Thanks, I'll bring along a toy we play tug with at home!


----------



## Karmageddon (Sep 19, 2013)

So how did it goooo??


----------



## Huddle (Dec 26, 2013)

So awesome! I would love to do this. Looking forward to hearing how it went


----------



## Gwen_Dandridge (Jul 14, 2012)

Water! Don't forget water.


----------



## Jennifer1 (Mar 31, 2012)

Water is a great idea-will do next time!
We had so much fun!
When I walked in there were 3 or 4 people there with their dogs and Kenzie was in full blown spaz mode! The chance of meeting new people still is her biggest downfall as far as self control. All the other dogs were sitting nicely and she is trying to pull me around. I found a spot and had her do some easy stuff (puppy push ups) just to regain her attention on me. I got her to calm down and was thinking that maybe we aren't ready for this yet.
The instructors gave us a little agility history and said this class is for fun and to see if we wanted to do more.

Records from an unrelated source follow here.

(* Let $a,b,c,x,y,t\in\mathbb{C}$ with $|yt|<1$. Let $d,e,xt\in\mathbb{C}\setminus\{q^{-m}:m\ge0\}$. Then $$\sum_{n=0}^\infty\phi_n^{(a,b,c;d,e)}(x,y|q)\frac{(-1)^nq^{\binom n2}t^n}{(q;q)_n}=(xt;q)_\infty\sum_{N=0}^\infty\frac{(-1)^Nq^{\binom N2}(a,b,c;q)_N}{(q,d,e,xt;q)_N}(yt)^N.$$
   Context: Throughout, $0<q<1$. $(\alpha;q)_0=1$, $(\alpha;q)_n=\prod_{j=0}^{n-1}(1-\alpha q^j)$, $(\alpha;q)_\infty=\prod_{j\ge0}(1-\alpha q^j)$, and $(\alpha_1,\dots,\alpha_r;q)_n=\prod_i(\alpha_i;q)_n$. $\begin{bmatrix}n\\k\end{bmatrix}=\frac{(q;q)_n}{(q;q)_k(q;q)_{n-k}}$. $$\phi_n^{(a,b,c;d,e)}(x,y|q)=\sum_{k=0}^n\begin{bmatrix}n\\k\end{bmatrix}\frac{(a,b,c;q)_k}{(d,e;q)_k}x^{n-k}y^k.$$ *)

From HB Require Import structures.
From mathcomp Require Import all_boot all_order all_algebra.
From mathcomp Require Import complex.
From mathcomp Require Import all_classical all_reals all_analysis.
Set Implicit Arguments. Unset Strict Implicit. Unset Printing Implicit Defensive.
Import Order.TTheory GRing.Theory Num.Theory ComplexField.
Import numFieldTopology.Exports numFieldNormedType.Exports.
Local Open Scope ring_scope.

(* The complex numbers over a real type R, seen as a numClosedFieldType so that
   MathComp-Analysis' topology / normed structure (limits, series) applies. *)
Definition Cx (R : realType) : numClosedFieldType := R[i].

The first thing we did were jumps. They had 3 sets of jumps each about 2 inches high. The had a wall on one side and a fence on the other to keep the dogs from running off. We were supposed to put our dog in a sit stay, remove the leash, walk to the other end (over the jumps) and then call them to us. Kenzie was only 1 of 3 out of 10 dogs that didn't need to be held during the stays! We did again but with us walking outside of the fence (not over the jumps) and then with us walking about half way and then calling the dog and running the rest of the way and meeting the dog at the end.
Then we moved onto weave poles, which he said we'll do first from now on since a fresh dog learns easier and weaves are tough for many dogs. All we did with the weave polls was walk through them while they were in a channel.
Last we did the tunnel. Kenzie hesitated when we made the tunnel longer (10ft). That surprised me since she loved the tunnel in puppy class. She only hesitated for a moment though and then ran through.

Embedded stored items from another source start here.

(* Let $\mathcal{L}$ be an ordered field with a convex valuation with value group $\Gamma$, and let $A\in {\operatorname{\mathsf{TPD}}}_n(\mathbb{S}_{\max}^{\vee})$. Then, there exists a $n\times n$ symmetric positive definite matrix ${\bf A}$ over $\mathcal{L}$ such that $\mathrm{sv}({\bf A})= A$.
   Context: $\Gamma$ is a divisible totally ordered abelian group and $\mathbb{S}_{\max}=\mathbb{S}_{\max}(\Gamma)$ the symmetrized tropical semiring, with zero $\mathbf{0}$, unit $\mathbf{1}$, minus $\ominus$; $\mathbb{S}_{\max}^\vee$ is the set of signed elements. $A\in{\operatorname{\mathsf{TPD}}}_n(\mathbb{S}_{\max}^\vee)$ means $A=(a_{ij})$ symmetric with signed entries, $\mathbf{0}<a_{ii}$ and $a_{ij}^2<a_{ii}a_{jj}$ for $i\ne j$ (where $a<b$ iff $b\ominus a$ is positive). For an ordered field $\mathcal{L}$ with a convex (surjective, non-Archimedean) valuation $\mathrm v:\mathcal{L}\to\Gamma\cup\{\bot\}$, the signed valuation is $\mathrm{sv}(b)=\mathrm{sgn}(b)\odot\mathrm v(b)$, where $\mathrm{sgn}(b)$ is $\mathbf{1}$, $\ominus\mathbf{1}$ or $\mathbf{0}$ according as $b>0$, $b<0$, $b=0$; it is applied entrywise. *)

From HB Require Import structures.
From mathcomp Require Import all_boot all_order all_algebra.
Set Implicit Arguments. Unset Strict Implicit. Unset Printing Implicit Defensive.
Import Order.TTheory GRing.Theory Num.Theory.
Local Open Scope ring_scope.

Definition ordered_abelian_group (G : zmodType) (le : rel G) : Prop :=
  [/\ (forall a, le a a),
      (forall a b, le a b -> le b a -> a = b),
      (forall a b c, le a b -> le b c -> le a c),
      (forall a b, le a b || le b a)
    & (forall a b c, le a b -> le (a + c) (b + c))].

Definition divisible_group (G : zmodType) : Prop :=
  forall (g : G) (n : nat), (0 < n)%N -> exists h : G, h *+ n = g.

Definition divisible_ordered_abelian_group (G : zmodType) (le : rel G) : Prop :=
  ordered_abelian_group le /\ divisible_group G.

(* The symmetrized tropical (max-plus) semiring S_max(Gamma).         *)
(* Elements: 0 (the zero, -oo), (+)a, (-)a, and balanced a^o,         *)
(* for a in Gamma.                                                    *)
Inductive smax (G : Type) : Type :=
| SZero : smax G
| SPos : G -> smax G
| SNeg : G -> smax G
| SBal : G -> smax G.
Arguments SZero {G}.

Section Smax.
Variables (G : zmodType) (le : rel G).

Definition smax_mod (x : smax G) : option G :=
  match x with SZero => None | SPos a | SNeg a | SBal a => Some a end.

Definition smax_add (x y : smax G) : smax G :=
  match smax_mod x, smax_mod y with
  | None, _ => y
  | _, None => x
  | Some a, Some b =>
      if le a b && le b a then
        match x, y with
        | SPos _, SPos _ => x
        | SNeg _, SNeg _ => x
        | _, _ => SBal a
        end
      else if le b a then x else y
  end.

Definition smax_opp (x : smax G) : smax G :=
  match x with SZero => SZero | SPos a => SNeg a | SNeg a => SPos a | SBal a => SBal a end.

Definition smax_mul (x y : smax G) : smax G :=
  match x, y with
  | SZero, _ | _, SZero => SZero
  | SBal a, SPos b | SBal a, SNeg b | SBal a, SBal b
  | SPos a, SBal b | SNeg a, SBal b => SBal (a + b)
  | SPos a, SPos b | SNeg a, SNeg b => SPos (a + b)
  | SPos a, SNeg b | SNeg a, SPos b => SNeg (a + b)
  end.

Definition smax_one : smax G := SPos 0.

Definition smax_positive (x : smax G) : bool :=
  if x is SPos _ then true else false.

(* signed elements: S_max^vee = S_max^+ u S_max^- (including 0) *)
Definition smax_signed (x : smax G) : bool :=
  if x is SBal _ then false else true.

Definition smax_lt (a b : smax G) : bool :=
  smax_positive (smax_add b (smax_opp a)).

Definition TPD (n : nat) (A : 'M[smax G]_n) : Prop :=
  [/\ (forall i j, smax_signed (A i j)),
      A^T = A,
      (forall i, smax_lt SZero (A i i))
    & (forall i j, i != j ->
         smax_lt (smax_mul (A i j) (A i j)) (smax_mul (A i i) (A j j)))].

End Smax.

(* Valuations on an ordered field L, in max-plus convention,          *)
(* with values in Gamma u {bot}  (bot represented by None).           *)
Section Valuation.
Variables (G : zmodType) (le : rel G) (L : realFieldType).

Definition vle (x y : option G) : bool :=
  match x, y with
  | None, _ => true
  | Some _, None => false
  | Some a, Some b => le a b
  end.

Definition vmul (x y : option G) : option G :=
  match x, y with Some a, Some b => Some (a + b) | _, _ => None end.

Definition valuation (v : L -> option G) : Prop :=
  [/\ (forall x, v x = None <-> x = 0),
      (forall x y, v (x * y) = vmul (v x) (v y)),
      (forall x y, vle (v (x + y)) (v x) || vle (v (x + y)) (v y))
    & (forall g, exists x, v x = Some g)].

Definition convex_valuation (v : L -> option G) : Prop :=
  valuation v /\ (forall a b : L, 0 <= a -> a <= b -> vle (v a) (v b)).

Definition sv (v : L -> option G) (b : L) : smax G :=
  match v b with
  | None => SZero
  | Some g => smax_mul (if 0 < b then smax_one G else if b < 0 then smax_opp (smax_one G) else SZero)
                       (SPos g)
  end.

Definition sym_posdef (n : nat) (B : 'M[L]_n) : Prop :=
  B^T = B /\ (forall x : 'cV[L]_n, x != 0 -> 0 < (x^T *m B *m x) 0 0).

End Valuation.

From HB Require Import structures.
From mathcomp Require Import all_boot all_order all_algebra.
From mathcomp Require Import ring lra.
Set Implicit Arguments. Unset Strict Implicit. Unset Printing Implicit Defensive.
Import Order.TTheory GRing.Theory Num.Theory.
Local Open Scope ring_scope.

(* Lift each signed entry (+)g, (-)g of A to +t_g, -t_g, where t_g > 0 has
   valuation g; this B is symmetric with sv B = A.  For i <> j the tropical
   condition 2 v(b_ij) < v(b_ii) + v(b_jj) and convexity of v give
   (2n b_ij)^2 <= b_ii b_jj, because multiplying by an integer never raises
   the valuation.  Off-diagonal entries that small make B positive definite:
   by the 2x2 case, x_i b_ij x_j >= -(p_i + p_j)/4n with p_i = b_ii x_i^2,
   and summing over all pairs bounds the quadratic form below by half of
   sum_i p_i. *)

Lemma binary_form_ge0 (L : realFieldType) (a b c x y : L) :
  0 < a -> b ^+ 2 <= a * c -> 0 <= a * x ^+ 2 + 2 * b * x * y + c * y ^+ 2.
Proof.
move=> a_gt0 disc_le0; rewrite -(pmulr_rge0 _ a_gt0).
have -> : a * (a * x ^+ 2 + 2 * b * x * y + c * y ^+ 2)
    = (a * x + b * y) ^+ 2 + (a * c - b ^+ 2) * y ^+ 2 by ring.
by rewrite addr_ge0 ?sqr_ge0 // mulr_ge0 ?sqr_ge0 ?subr_ge0.
Qed.

Lemma quad_formE (R : comPzRingType) n (B : 'M[R]_n) (x : 'cV[R]_n) :
  (x^T *m B *m x) 0 0 = \sum_i \sum_j x i 0 * B i j * x j 0.
Proof.
rewrite mxE exchange_big; apply: eq_bigr => i _; rewrite mxE big_distrl /=.
by apply: eq_bigr => j _; rewrite !mxE.
Qed.

Lemma quad_form_gt0_of_small_offdiag (L : realFieldType) n (B : 'M[L]_n) :
  (forall i, 0 < B i i) ->
  (forall i j, i != j -> ((2 * n)%:R * B i j) ^+ 2 <= B i i * B j j) ->
  forall x : 'cV[L]_n, x != 0 -> 0 < (x^T *m B *m x) 0 0.
Proof.
move=> diag_gt0 offdiag_small x x_neq0.
have [i0 xi0_neq0] : exists i, x i 0 != 0.
  apply/existsP; move: x_neq0; apply: contraR; rewrite negb_exists => /forallP x0.
  by apply/eqP/matrixP => i j; rewrite ord1 mxE; apply/eqP/negPn.
pose p i := B i i * x i 0 ^+ 2.
have p_ge0 i : 0 <= p i by rewrite mulr_ge0 ?sqr_ge0 ?ltW.
pose P := \sum_i p i.
have P_gt0 : 0 < P.
  rewrite /P (bigD1 i0) //= ltr_pwDl ?sumr_ge0 // mulr_gt0 //.
  by rewrite lt_def sqr_ge0 sqrf_eq0 xi0_neq0.
pose N : L := (4 * n)%:R.
have cross_ge i j : (if i == j then N * p i else 0)
    <= N * (x i 0 * B i j * x j 0) + p i + p j.
  case: eqP => [<-|/eqP neq_ij].
    have -> : x i 0 * B i i * x i 0 = p i by rewrite /p; ring.
    by have := p_ge0 i; lra.
  have := binary_form_ge0 (x i 0) (x j 0) (diag_gt0 i) (offdiag_small i j neq_ij).
  by rewrite /p /N natrM; lra.
have : \sum_i \sum_j (if i == j then N * p i else 0)
    <= \sum_i \sum_j (N * (x i 0 * B i j * x j 0) + p i + p j).
  by apply: ler_sum => i _; apply: ler_sum => j _; exact: cross_ge.
have -> : \sum_i \sum_j (if i == j then N * p i else 0) = N * P.
  rewrite mulr_sumr; apply: eq_bigr => i _.
  by rewrite -big_mkcond (big_pred1 i) // => j; exact: eq_sym.
have -> : \sum_i \sum_j (N * (x i 0 * B i j * x j 0) + p i + p j)
    = N * (x^T *m B *m x) 0 0 + P *+ n *+ 2.
  under eq_bigr => i _ do rewrite !big_split /= sumr_const card_ord.
  rewrite !big_split /= sumrMnl sumr_const card_ord quad_formE mulr_sumr.
  under [in RHS]eq_bigr => i _ do rewrite mulr_sumr.
  by rewrite -addrA mulr2n.
have n_pos : 0 < n%:R :> L by rewrite ltr0n (leq_ltn_trans (leq0n i0)).
rewrite /N -mulrnA -mulr_natr !natrM => bound.
have : 0 < n%:R * (4 * (x^T *m B *m x) 0 0) by nra.
by rewrite pmulr_rgt0 // pmulr_rgt0.
Qed.

Section SymmetrizedMaxPlus.
Variables (G : zmodType) (le : rel G).

Lemma smax_lt0x (x : smax G) : smax_lt le SZero x = smax_positive x.
Proof. by case: x. Qed.

Lemma smax_lt_sqr (x : smax G) (e g : G) :
  smax_mod x = Some g -> smax_lt le (smax_mul x x) (SPos e) -> ~~ le e (g + g).
Proof.
by case: x => //= a [<-]; rewrite /smax_lt /smax_add /=; case: (le e _); case: (le _ e).
Qed.

End SymmetrizedMaxPlus.

Section OrderedGroup.
Variables (G : zmodType) (le : rel G).
Hypothesis le_ordered : ordered_abelian_group le.

Lemma double_eq0 (a : G) : a + a = 0 -> a = 0.
Proof.
case: le_ordered => _ le_anti _ le_total le_add a2_eq0.
case/orP: (le_total a 0) => [le_a0|le_0a]; apply: le_anti => //.
  by move: (le_add _ _ a le_a0); rewrite a2_eq0 add0r.
by move: (le_add _ _ a le_0a); rewrite a2_eq0 add0r.
Qed.

Lemma vle_refl : reflexive (vle le).
Proof. by case: le_ordered => le_refl _ _ _ _ [a|] //=. Qed.

Lemma vle_trans : transitive (vle le).
Proof. by case: le_ordered => _ _ le_trans' _ _ [b|] [a|] [c|] //=; apply: le_trans'. Qed.

Lemma vle_mul (a b c d : option G) :
  vle le a b -> vle le c d -> vle le (vmul a c) (vmul b d).
Proof.
case: le_ordered => _ _ le_trans' _ le_add.
case: a b c d => [a|] [b|] [c|] [d|] //= le_ab le_cd.
apply: (le_trans' _ (b + c)); first exact: le_add.
by rewrite ![b + _]addrC; apply: le_add.
Qed.

Lemma vmul0l (a : option G) : vmul (Some 0) a = a.
Proof. by case: a => //= a; rewrite add0r. Qed.

Section Valuation.
Variables (L : realFieldType) (v : L -> option G).
Hypothesis v_valuation : valuation le v.

Lemma valuation_eq0 (x : L) : (v x == None) = (x == 0).
Proof. by case: v_valuation => v_eq0 _ _ _; apply/eqP/eqP => /v_eq0. Qed.

Lemma valuation0 : v 0 = None.
Proof. by apply/eqP; rewrite valuation_eq0. Qed.

Lemma valuationM (x y : L) : v (x * y) = vmul (v x) (v y).
Proof. by case: v_valuation. Qed.

Lemma valuation1 : v 1 = Some 0.
Proof.
case E: (v 1) => [a|]; last by move/eqP: E; rewrite valuation_eq0 oner_eq0.
have := valuationM 1 1; rewrite mulr1 E => -[a_eq].
by congr Some; apply: (@addrI _ a); rewrite addr0.
Qed.

Lemma valuationN (x : L) : v (- x) = v x.
Proof.
have vN1 : v (-1) = Some 0.
  case E: (v (-1)) => [a|]; last by move/eqP: E; rewrite valuation_eq0 oppr_eq0 oner_eq0.
  have := valuationM (-1) (-1); rewrite mulrNN mulr1 valuation1 E => -[a2_eq0].
  by rewrite (double_eq0 (esym a2_eq0)).
by rewrite -mulN1r valuationM vN1; case: (v x) => //= a; rewrite add0r.
Qed.

Lemma valuation_norm (x : L) : v `|x| = v x.
Proof. by case: (leP 0 x) => [/ger0_norm -> | /ltr0_norm ->]; rewrite ?valuationN. Qed.

Lemma valuation_nat_le (m : nat) : vle le (v m%:R) (Some 0).
Proof.
case: v_valuation => _ _ v_ultra _.
elim: m => [|m IHm]; first by rewrite valuation0.
rewrite -addn1 natrD; case/orP: (v_ultra m%:R 1) => [/vle_trans|]; first exact.
by rewrite valuation1.
Qed.

Lemma valuation_natM_le (m : nat) (x : L) : vle le (v (m%:R * x)) (v x).
Proof.
rewrite valuationM -{2}[v x]vmul0l.
by apply: vle_mul; [exact: valuation_nat_le | exact: vle_refl].
Qed.

Lemma valuation_surj (g : G) : exists x : L, v x == Some g.
Proof. by case: v_valuation => _ _ _ v_surj; have [x <-] := v_surj g; exists x. Qed.

Definition vlift (g : G) : L := `|xchoose (valuation_surj g)|.

Lemma valuation_vlift (g : G) : v (vlift g) = Some g.
Proof. by rewrite valuation_norm; apply/eqP; exact: (xchooseP (valuation_surj g)). Qed.

Lemma vlift_gt0 (g : G) : 0 < vlift g.
Proof. by rewrite lt_def normr_ge0 andbT -valuation_eq0 valuation_vlift. Qed.

Definition lift_signed (a : smax G) : L :=
  match a with SPos g => vlift g | SNeg g => - vlift g | _ => 0 end.

Lemma lift_signed_gt0 (a : smax G) : smax_positive a -> 0 < lift_signed a.
Proof. by case: a => //= g _; exact: vlift_gt0. Qed.

Lemma valuation_lift_signed (a : smax G) :
  smax_signed a -> v (lift_signed a) = smax_mod a.
Proof. by case: a => //= [_|g _|g _]; rewrite ?valuation0 ?valuationN ?valuation_vlift. Qed.

Lemma sv_lift_signed (a : smax G) : smax_signed a -> sv v (lift_signed a) = a.
Proof.
move=> a_signed; rewrite /sv valuation_lift_signed //.
case: a a_signed => //= g _; have g_gt0 := vlift_gt0 g.
  by rewrite g_gt0 /= add0r.
by rewrite oppr_gt0 ltNge (ltW g_gt0) /= oppr_lt0 g_gt0 /= add0r.
Qed.

Section Convex.
Hypothesis v_convex : forall a b : L, 0 <= a -> a <= b -> vle le (v a) (v b).

Lemma le_of_valuation_lt (y z : L) : 0 <= y -> ~~ vle le (v y) (v z) -> z <= y.
Proof. by move=> y_ge0; apply: contraR; rewrite -ltNge => /ltW; exact: v_convex. Qed.

Lemma natM_sqr_le (m : nat) (y b : L) (d g : G) :
  0 <= y -> v y = Some d -> v b = Some g -> ~~ le d (g + g) -> (m%:R * b) ^+ 2 <= y.
Proof.
move=> y_ge0 vy vb d_gt; apply: le_of_valuation_lt => //.
apply: contra d_gt; rewrite vy expr2 valuationM => /vle_trans le_d.
apply: (le_d (Some (g + g))).
by rewrite -[Some (g + g)]/(vmul (Some g) (Some g)) -vb; apply: vle_mul; exact: valuation_natM_le.
Qed.

Lemma lift_signed_offdiag (m : nat) (a c x : smax G) :
  smax_positive a -> smax_positive c -> smax_signed x ->
  smax_lt le (smax_mul x x) (smax_mul a c) ->
  (m%:R * lift_signed x) ^+ 2 <= lift_signed a * lift_signed c.
Proof.
case: a c => // da [] // dc _ _ x_signed /=.
have ac_gt0 : 0 < vlift da * vlift dc by rewrite mulr_gt0 ?vlift_gt0.
case mod_x: (smax_mod x) => [g|] sqr_lt.
  apply: natM_sqr_le (ltW ac_gt0) _ _ (smax_lt_sqr mod_x sqr_lt).
    by rewrite valuationM !valuation_vlift.
  by rewrite valuation_lift_signed.
by case: x x_signed mod_x sqr_lt => //= _ _ _; rewrite mulr0 expr0n ltW.
Qed.

End Convex.
End Valuation.
End OrderedGroup.

Theorem proposition6p2 (G : zmodType) (le : rel G)
    (HG : divisible_ordered_abelian_group le)
    (L : realFieldType) (v : L -> option G) (Hv : convex_valuation le v)
    (n : nat) (A : 'M[smax G]_n) (HA : TPD le A) :
  exists B : 'M[L]_n, sym_posdef B /\ map_mx (sv v) B = A.
Proof.
case: HG => le_ordered _; case: Hv => v_valuation v_convex.
case: HA => A_signed A_sym A_diag A_offdiag.
have A_diag_pos i : smax_positive (A i i) by rewrite -(smax_lt0x le).
exists (map_mx (lift_signed v_valuation) A); split; last first.
  by apply/matrixP => i j; rewrite !mxE sv_lift_signed.
split; first by rewrite map_trmx A_sym.
apply: quad_form_gt0_of_small_offdiag => [i | i j neq_ij]; rewrite !mxE.
  exact: lift_signed_gt0.
exact: lift_signed_offdiag (A_offdiag i j neq_ij).
Qed.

Overall we had a great night! I have some more work to do with her as far as greeting people but she did great as long as I could keep her focus.


----------



## goldenca (Jan 31, 2011)

Sounds like you and Kenzie are off to a great start. 

Is your agility place indoors or outdoors? I found that my young dog was way too distracted for outdoors (there were 3 fields all very close to each other where there were 3 different lessons going on at the same time.)

We found a training place indoors. Learning channel weaves is EXCELLENT. Make sure they do it very gradually. This is the way my dog learned and she does weaves better than most dogs. 

It sounds like you are on your way to a whole lot of fun with Kenzie. 
Enjoy....agility is very addicting.


----------



## Jennifer1 (Mar 31, 2012)

It is an indoor facility.
With the weaves he said that we would just move them closer slowly. I didn't realize the dogs just push the polls aside, I always assumed they actually weaved in and out of them.


----------



## Jennifer1 (Mar 31, 2012)

I believe the instructor has a whole agility set up at his house, so the future classes (intermediate and advanced) are held outside at his house vs at the indoor club training facility which is where the beginning class is being held.


----------



## goldenca (Jan 31, 2011)

Jennifer1 said:


> It is an indoor facility.
> With the weaves he said that we would just move them closer slowly. I didn't realize the dogs just push the polls aside, I always assumed they actually weaved in and out of them.


As your dog learns, the weave poles will eventually get pushed together so that they line up straight - AND then - your dog will go in and out like a skier goes through a slalom course.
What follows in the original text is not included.